For development you’ll need proofs to verify against. The zkmcu-host-gen binary churns out wire-format test vectors:

Terminal window
cargo run -p zkmcu-host-gen --release # all systems, default vectors
cargo run -p zkmcu-host-gen --release -- bn254 # BN254 only
cargo run -p zkmcu-host-gen --release -- bls12-381 # BLS12-381 only
cargo run -p zkmcu-host-gen --release -- stark # Winterfell Fibonacci STARK

Writes crates/zkmcu-vectors/data/<name>/{vk,proof,public}.bin (STARK has no vk.bin, the AIR is the invariant). Vectors that ship by default:

  • square, 1 public input (BN254 + BLS12-381, two copies of the same circuit)
  • squares-5, 5 public inputs, small-scalar (BN254 + BLS12-381)
  • semaphore-depth-10, real Semaphore Groth16 proof, 4 public inputs, BN254 only. See Semaphore page for the generator pipeline
  • stark-fib-1024, Fibonacci STARK at FieldExtension::Quadratic, 95-bit conjectured security

For production use, generate proofs with wichever prover your application already uses. Any Ethereum-compatible BN254 Groth16 prover outputs EIP-197 bytes, any BLS12-381 prover outputs EIP-2537, any winterfell-based prover outputs bytes that zkmcu-verifier-stark reads directly (as long as your AIR definition matches on both sides).

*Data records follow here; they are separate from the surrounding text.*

Lemma anc_child_prec g a b : next g = Some a -> anc g b -> prec next a b.
Proof. by move=> Hg /ancP [k Hk]; apply/precP; exists k; rewrite /= Hk. Qed.

Lemma child_not_anc g a : next g = Some a -> ~~ anc g a.
Proof.
move=> Hg; apply/negP => /(anc_child_prec Hg).
by rewrite (negbTE (prec_irrefl a)).
Qed.

Lemma child_neq g a : next g = Some a -> g != a.
Proof. by move/child_not_anc; apply: contra => ->. Qed.

Lemma anc_unique g g' a b :
  next g = Some a -> next g' = Some a -> anc g b -> anc g' b -> g = g'.
Proof.
move=> Hg Hg' /ancP [i Hi] /ancP [j Hj].
have [eq_ij] : i.+1 = j.+1.
  by apply: (@nextk_inj _ _ b a); [rewrite /= Hi /= Hg | rewrite /= Hj /= Hg'].
by move: Hi; rewrite eq_ij Hj => -[].
Qed.

Lemma prec_child_exists a b : prec next a b -> exists2 g, next g = Some a & anc g b.
Proof.
case/precP => k /=; case E: (nextk next k b) => [g|] //= Hg.
by exists g => //; apply/ancP; exists k.
Qed.

Lemma pred_on_path_eq g a b :
  next g = Some a -> anc g b -> pred_on_path next a b = Some g.
Proof.
move=> Hg Hgb; rewrite /pred_on_path; case: pickP => [g' /andP [/eqP Hg' Hg'b] | none].
  by rewrite (anc_unique Hg' Hg Hg'b Hgb).
by have := none g; rewrite Hg eqxx Hgb.
Qed.

Lemma pred_on_path_None a b : ~~ prec next a b -> pred_on_path next a b = None.
Proof.
rewrite /pred_on_path; case: pickP => // g /andP [/eqP Hg Hgb].
by rewrite (anc_child_prec Hg Hgb).
Qed.

Lemma big_pred_on_path (V : nmodType) a b (F : 'I_B -> V) :
  \sum_(g | (next g == Some a) && anc g b) F g =
  if pred_on_path next a b is Some g then F g else 0.
Proof.
case E: (pred_on_path next a b) => [g|].
- move: E; rewrite /pred_on_path; case: pickP => // g0 /andP [/eqP Hg Hgb] [<-].
  rewrite (big_pred1 g0) // => g'; apply/andP/eqP => [[/eqP Hg' Hg'b] | ->].
    exact: anc_unique Hg' Hg Hg'b Hgb.
  by rewrite Hg eqxx.
- rewrite big_pred0 // => g; apply/negP => /andP [/eqP Hg Hgb].
  by rewrite (pred_on_path_eq Hg Hgb) in E.
Qed.

End Forest.

Lemma sum_sigT (V : nmodType) (I : finType) (J : I -> finType)
    (F : {i : I & J i} -> V) :
  \sum_(p : {i : I & J i}) F p = \sum_(i : I) \sum_(j : J i) F (Tagged J j).
Proof.
rewrite (sig_big_dep xpredT (fun _ _ => true) (fun i j => F (Tagged J j))) /=.
by apply: eq_bigr => -[i j].
Qed.

Section Polynomials.
Variable R : fieldType.
(* Let $n\ge0$ and let \[\begin{array}{ccc} G&\to&H\\ \downarrow&&\downarrow\\ K&\to&L\end{array}\] be a commutative square of graphs such that (1) every morphism in the square is a monomorphism; (2) the square is a pullback in $\mathsf{Graph}$; and (3) every graph map $I_1^{\square n}\to L$ factors through $H\to L$ or through $K\to L$. Then this square is an $n$-skeletal pushout.
   Context: A graph is a set with a reflexive symmetric relation (edges); graph maps preserve the relation; $\mathsf{Graph}$ is their category. $I_1$ is the graph with two vertices joined by an edge, and $I_1^{\square n}$ is its $n$-fold box product, where the box product $G\square H$ has vertex set $V(G)\times V(H)$ and $(v,w)\sim(v',w')$ iff ($v=v'$, $w\sim w'$) or ($v\sim v'$, $w=w'$). The $1$-nerve $N_1G$ is the cubical set (presheaf on the box category with faces, degeneracies and connections) whose $k$-cubes are graph maps $I_1^{\square k}\to G$, with structure maps induced by the corresponding maps $I_1^{\square k}\to I_1^{\square j}$. $\operatorname{sk}^n$ of a cubical set is the subobject generated by cubes of dimension $\le n$. A commutative square of graphs is an $n$-skeletal pushout if applying $\operatorname{sk}^n\circ N_1$ yields a pushout square of cubical sets. *)

From mathcomp Require Import all_boot.
From mathcomp Require Import zify.

Set Implicit Arguments.
Unset Strict Implicit.
Unset Printing Implicit Defensive.

Record graph := Graph {
  vert :> Type;
  adj : vert -> vert -> Prop;
  adj_refl : forall x, adj x x;
  adj_sym : forall x y, adj x y -> adj y x }.

Record hom (G H : graph) := Hom {
  hfun :> G -> H;
  hom_adj : forall x y, adj x y -> adj (hfun x) (hfun y) }.

Definition hcomp (G H K : graph) (g : hom H K) (f : hom G H) : hom G K.
Proof.
  refine (@Hom G K (fun x => g (f x)) _).
  by move=> x y hxy; apply: hom_adj; apply: hom_adj.
Defined.

Definition mono (G H : graph) (f : hom G H) : Prop :=
  forall (X : graph) (u v : hom X G),
    (forall x, f (u x) = f (v x)) -> forall x, u x = v x.

Definition commutes (G H K L : graph) (f : hom G H) (g : hom G K)
  (h : hom H L) (k : hom K L) : Prop :=
  forall x, h (f x) = k (g x).

Definition is_pullback (G H K L : graph) (f : hom G H) (g : hom G K)
  (h : hom H L) (k : hom K L) : Prop :=
  forall (X : graph) (p : hom X H) (q : hom X K),
    (forall x, h (p x) = k (q x)) ->
    (exists u : hom X G, (forall x, f (u x) = p x) /\ (forall x, g (u x) = q x))
    /\ (forall u1 u2 : hom X G,
          (forall x, f (u1 x) = p x) -> (forall x, g (u1 x) = q x) ->
          (forall x, f (u2 x) = p x) -> (forall x, g (u2 x) = q x) ->
          forall x, u1 x = u2 x).

Definition box_adj (G H : graph) (p q : G * H) : Prop :=
  (p.1 = q.1 /\ adj p.2 q.2) \/ (adj p.1 q.1 /\ p.2 = q.2).

Definition I1_adj (a b : bool) : Prop := True.

(* Adjacency of I_1^{box n} on vertex set bool^n, obtained by unfolding
   the iterated box product  I_1 box (I_1 box (... box pt)). *)
Fixpoint cube_adj (s t : seq bool) : Prop :=
  match s, t with
  | [::], [::] => True
  | a :: s', b :: t' => (a = b /\ cube_adj s' t') \/ (I1_adj a b /\ s' = t')
  | _, _ => False
  end.

Lemma cube_adj_refl n (s : n.-tuple bool) : cube_adj s s.
Proof.
  case: s => s _ /=; elim: s => [|a s IH] //=; by left.
Qed.

Lemma cube_adj_sym n (s t : n.-tuple bool) : cube_adj s t -> cube_adj t s.
Proof.
  case: s t => s _ [t _] /=; elim: s t => [|a s IH] [|b t] //=.
  case=> [[-> /IH h]|[_ ->]]; [by left | by right].
Qed.

Definition cube (n : nat) : graph :=
  @Graph (n.-tuple bool) (fun s t => cube_adj s t)
         (@cube_adj_refl n) (@cube_adj_sym n).

(* Positions are 0-based.                                             *)
Lemma face_size m (i : 'I_m.+1) (e : bool) (t : m.-tuple bool) :
  size (take i t ++ e :: drop i t) == m.+1.
Proof.
  rewrite size_cat /= size_take size_drop size_tuple.
  case: ltnP => ?; have := ltn_ord i; move=> ?; apply/eqP; lia.
Qed.
Definition face m (i : 'I_m.+1) (e : bool) (t : m.-tuple bool) : m.+1.-tuple bool :=
  Tuple (face_size i e t).

Lemma degen_size m (i : 'I_m.+1) (t : m.+1.-tuple bool) :
  size (take i t ++ drop i.+1 t) == m.
Proof.
  rewrite size_cat size_take size_drop size_tuple.
  case: ltnP => ?; have := ltn_ord i; move=> ?; apply/eqP; lia.
Qed.
Definition degen m (i : 'I_m.+1) (t : m.+1.-tuple bool) : m.-tuple bool :=
  Tuple (degen_size i t).

Lemma conn_size m (i : 'I_m.+1) (e : bool) (t : m.+2.-tuple bool) :
  size (take i t ++ (if e then nth false t i || nth false t i.+1
                     else nth false t i && nth false t i.+1) :: drop i.+2 t) == m.+1.
Proof.
  rewrite size_cat /= size_take size_drop size_tuple.
  case: ltnP => ?; have := ltn_ord i; move=> ?; apply/eqP; lia.
Qed.
Definition conn m (i : 'I_m.+1) (e : bool) (t : m.+2.-tuple bool) : m.+1.-tuple bool :=
  Tuple (conn_size i e t).

Inductive boxmap (k : nat) : forall m, (k.-tuple bool -> m.-tuple bool) -> Prop :=
| bm_id : boxmap (fun v => v)
| bm_face m (th : k.-tuple bool -> m.-tuple bool) (i : 'I_m.+1) (e : bool) :
    boxmap th -> boxmap (fun v => face i e (th v))
| bm_degen m (th : k.-tuple bool -> m.+1.-tuple bool) (i : 'I_m.+1) :
    boxmap th -> boxmap (fun v => degen i (th v))
| bm_conn m (th : k.-tuple bool -> m.+2.-tuple bool) (i : 'I_m.+1) (e : bool) :
    boxmap th -> boxmap (fun v => conn i e (th v)).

Six reference firmware crates ship in the repo. Pick wichever matches your proof system + ISA combo:

Proof systemCortex-M33Hazard3 RV32
BN254 Groth16bench-rp2350-m33bench-rp2350-rv32
BLS12-381 Groth16bench-rp2350-m33-bls12bench-rp2350-rv32-bls12
STARKbench-rp2350-m33-starkbench-rp2350-rv32-stark

Each one brings up the clocks, inits a heap, parses baked-in test vectors via include_bytes!, runs verify, and spits cycle counts over USB-CDC serial. Crypto source is byte-for-byte the same across firmware, only linker scripts and cycle-counter reads change per ISA.

  • no_std Rust toolchain (stable, rustc 1.82 or newer)
  • A global allocator (TlsfHeap or LlffHeap, see table above)
  • About 100 KB of SRAM during verify for any of the three systems on Cortex-M33. All three fit on any 128 KB SRAM-class MCU, so nRF52832, STM32F405, Ledger ST33, Infineon SLE78 all work
  • About 75-200 KB of flash depending on the proof system (BN254 is lightest, winterfell is heaviest because it pulls in multiple winter-* sub-crates)

See benchmarks for the actual measured numbers on a $7 Pico 2 W.